**Task description:**
Looking at the data below, state how many lines contain "split". No other words are wanted.

**Data to examine:**
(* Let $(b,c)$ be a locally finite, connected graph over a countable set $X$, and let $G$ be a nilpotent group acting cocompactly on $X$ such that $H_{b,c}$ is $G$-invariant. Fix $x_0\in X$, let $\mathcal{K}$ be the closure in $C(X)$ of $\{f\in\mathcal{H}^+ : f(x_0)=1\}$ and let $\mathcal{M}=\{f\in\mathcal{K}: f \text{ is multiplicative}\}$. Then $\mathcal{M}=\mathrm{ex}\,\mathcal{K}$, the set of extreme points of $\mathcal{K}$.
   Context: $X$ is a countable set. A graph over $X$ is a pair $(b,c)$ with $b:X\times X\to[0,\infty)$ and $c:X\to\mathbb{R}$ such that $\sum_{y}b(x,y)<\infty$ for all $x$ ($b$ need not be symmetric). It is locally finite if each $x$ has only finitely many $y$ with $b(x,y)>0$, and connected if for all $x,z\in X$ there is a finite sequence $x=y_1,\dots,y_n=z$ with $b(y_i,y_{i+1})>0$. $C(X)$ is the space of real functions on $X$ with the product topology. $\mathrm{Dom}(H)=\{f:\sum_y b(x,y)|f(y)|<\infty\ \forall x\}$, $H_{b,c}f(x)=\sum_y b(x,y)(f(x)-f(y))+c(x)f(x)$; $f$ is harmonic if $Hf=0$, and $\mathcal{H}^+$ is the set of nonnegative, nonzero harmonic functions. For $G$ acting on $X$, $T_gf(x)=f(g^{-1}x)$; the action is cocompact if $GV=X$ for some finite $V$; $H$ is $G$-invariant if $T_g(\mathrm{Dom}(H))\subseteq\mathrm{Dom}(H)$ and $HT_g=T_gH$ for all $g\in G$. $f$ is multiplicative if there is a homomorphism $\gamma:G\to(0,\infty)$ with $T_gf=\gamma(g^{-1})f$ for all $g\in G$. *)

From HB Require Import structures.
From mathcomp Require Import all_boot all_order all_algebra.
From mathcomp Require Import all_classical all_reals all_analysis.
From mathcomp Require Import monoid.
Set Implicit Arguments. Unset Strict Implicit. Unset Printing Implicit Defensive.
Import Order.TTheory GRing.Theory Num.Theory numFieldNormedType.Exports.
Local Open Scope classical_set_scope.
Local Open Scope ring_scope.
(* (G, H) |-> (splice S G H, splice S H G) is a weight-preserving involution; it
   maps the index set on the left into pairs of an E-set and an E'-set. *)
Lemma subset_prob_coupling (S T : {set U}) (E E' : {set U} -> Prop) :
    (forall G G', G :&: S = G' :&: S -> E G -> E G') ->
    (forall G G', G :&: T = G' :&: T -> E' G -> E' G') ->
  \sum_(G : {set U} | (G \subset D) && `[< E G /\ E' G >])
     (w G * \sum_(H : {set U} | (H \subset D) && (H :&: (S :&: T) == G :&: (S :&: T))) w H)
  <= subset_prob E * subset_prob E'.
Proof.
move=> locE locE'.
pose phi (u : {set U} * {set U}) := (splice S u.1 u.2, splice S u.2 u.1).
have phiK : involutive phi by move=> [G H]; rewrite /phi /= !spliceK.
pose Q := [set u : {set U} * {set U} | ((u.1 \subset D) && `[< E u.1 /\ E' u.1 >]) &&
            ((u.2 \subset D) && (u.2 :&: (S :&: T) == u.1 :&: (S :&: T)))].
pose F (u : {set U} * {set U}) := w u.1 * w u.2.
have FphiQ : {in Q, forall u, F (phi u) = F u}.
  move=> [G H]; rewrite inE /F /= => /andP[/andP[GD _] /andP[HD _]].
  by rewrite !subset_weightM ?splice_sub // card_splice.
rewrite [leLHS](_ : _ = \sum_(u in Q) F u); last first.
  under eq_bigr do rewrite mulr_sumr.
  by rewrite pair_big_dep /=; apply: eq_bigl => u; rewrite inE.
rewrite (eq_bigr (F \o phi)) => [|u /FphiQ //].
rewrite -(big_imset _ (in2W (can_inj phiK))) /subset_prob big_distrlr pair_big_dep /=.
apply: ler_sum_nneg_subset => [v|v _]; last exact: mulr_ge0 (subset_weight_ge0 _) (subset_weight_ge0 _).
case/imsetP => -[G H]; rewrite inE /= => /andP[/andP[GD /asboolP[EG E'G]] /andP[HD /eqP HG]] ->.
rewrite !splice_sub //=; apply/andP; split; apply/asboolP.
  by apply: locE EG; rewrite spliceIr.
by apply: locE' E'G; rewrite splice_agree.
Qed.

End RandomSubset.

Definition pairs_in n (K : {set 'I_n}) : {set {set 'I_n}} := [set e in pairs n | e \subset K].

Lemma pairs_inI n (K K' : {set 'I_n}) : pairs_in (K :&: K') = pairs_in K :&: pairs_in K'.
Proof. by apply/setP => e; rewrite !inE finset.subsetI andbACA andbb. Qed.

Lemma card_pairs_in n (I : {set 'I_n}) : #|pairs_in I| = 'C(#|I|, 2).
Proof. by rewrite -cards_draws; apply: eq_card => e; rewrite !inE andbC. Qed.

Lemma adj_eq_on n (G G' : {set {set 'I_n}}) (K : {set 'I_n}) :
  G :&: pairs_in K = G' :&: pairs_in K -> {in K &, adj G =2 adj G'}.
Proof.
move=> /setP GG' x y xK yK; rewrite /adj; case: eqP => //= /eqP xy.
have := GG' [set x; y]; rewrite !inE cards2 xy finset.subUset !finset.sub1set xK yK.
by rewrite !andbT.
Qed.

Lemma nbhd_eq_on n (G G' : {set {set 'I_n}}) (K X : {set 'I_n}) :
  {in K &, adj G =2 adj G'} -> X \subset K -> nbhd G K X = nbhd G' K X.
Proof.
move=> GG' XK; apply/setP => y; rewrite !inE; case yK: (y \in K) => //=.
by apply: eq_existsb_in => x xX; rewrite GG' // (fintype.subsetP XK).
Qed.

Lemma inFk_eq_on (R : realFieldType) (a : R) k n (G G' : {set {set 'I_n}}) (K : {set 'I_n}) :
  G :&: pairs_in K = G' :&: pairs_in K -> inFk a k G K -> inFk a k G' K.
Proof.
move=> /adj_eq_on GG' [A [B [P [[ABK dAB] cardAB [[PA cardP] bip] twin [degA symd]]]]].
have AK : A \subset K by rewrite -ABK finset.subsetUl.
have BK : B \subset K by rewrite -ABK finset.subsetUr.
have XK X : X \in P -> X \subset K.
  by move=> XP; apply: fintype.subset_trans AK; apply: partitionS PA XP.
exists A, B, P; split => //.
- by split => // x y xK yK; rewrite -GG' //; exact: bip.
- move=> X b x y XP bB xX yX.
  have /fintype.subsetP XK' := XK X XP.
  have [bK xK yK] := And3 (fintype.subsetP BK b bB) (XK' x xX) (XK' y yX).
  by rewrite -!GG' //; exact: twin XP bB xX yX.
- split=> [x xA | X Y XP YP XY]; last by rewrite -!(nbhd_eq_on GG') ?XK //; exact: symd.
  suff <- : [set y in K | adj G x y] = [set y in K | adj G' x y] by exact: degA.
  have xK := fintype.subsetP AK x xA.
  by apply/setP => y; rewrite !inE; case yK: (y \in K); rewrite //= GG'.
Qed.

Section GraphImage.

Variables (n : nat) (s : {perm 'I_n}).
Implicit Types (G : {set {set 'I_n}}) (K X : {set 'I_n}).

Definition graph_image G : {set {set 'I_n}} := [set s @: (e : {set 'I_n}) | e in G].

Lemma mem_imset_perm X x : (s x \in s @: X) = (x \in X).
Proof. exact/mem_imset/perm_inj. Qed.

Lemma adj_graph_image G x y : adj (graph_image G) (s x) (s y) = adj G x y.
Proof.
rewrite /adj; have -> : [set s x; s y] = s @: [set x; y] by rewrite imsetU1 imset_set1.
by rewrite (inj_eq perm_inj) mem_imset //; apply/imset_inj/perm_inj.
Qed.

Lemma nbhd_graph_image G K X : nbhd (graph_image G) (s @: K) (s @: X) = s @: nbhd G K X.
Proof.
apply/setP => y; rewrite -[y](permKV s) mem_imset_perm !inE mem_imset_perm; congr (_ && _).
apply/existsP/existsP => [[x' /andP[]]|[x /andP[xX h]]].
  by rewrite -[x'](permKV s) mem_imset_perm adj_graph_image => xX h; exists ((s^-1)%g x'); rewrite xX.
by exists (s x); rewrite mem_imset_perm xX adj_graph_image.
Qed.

**Exercise answer:**
4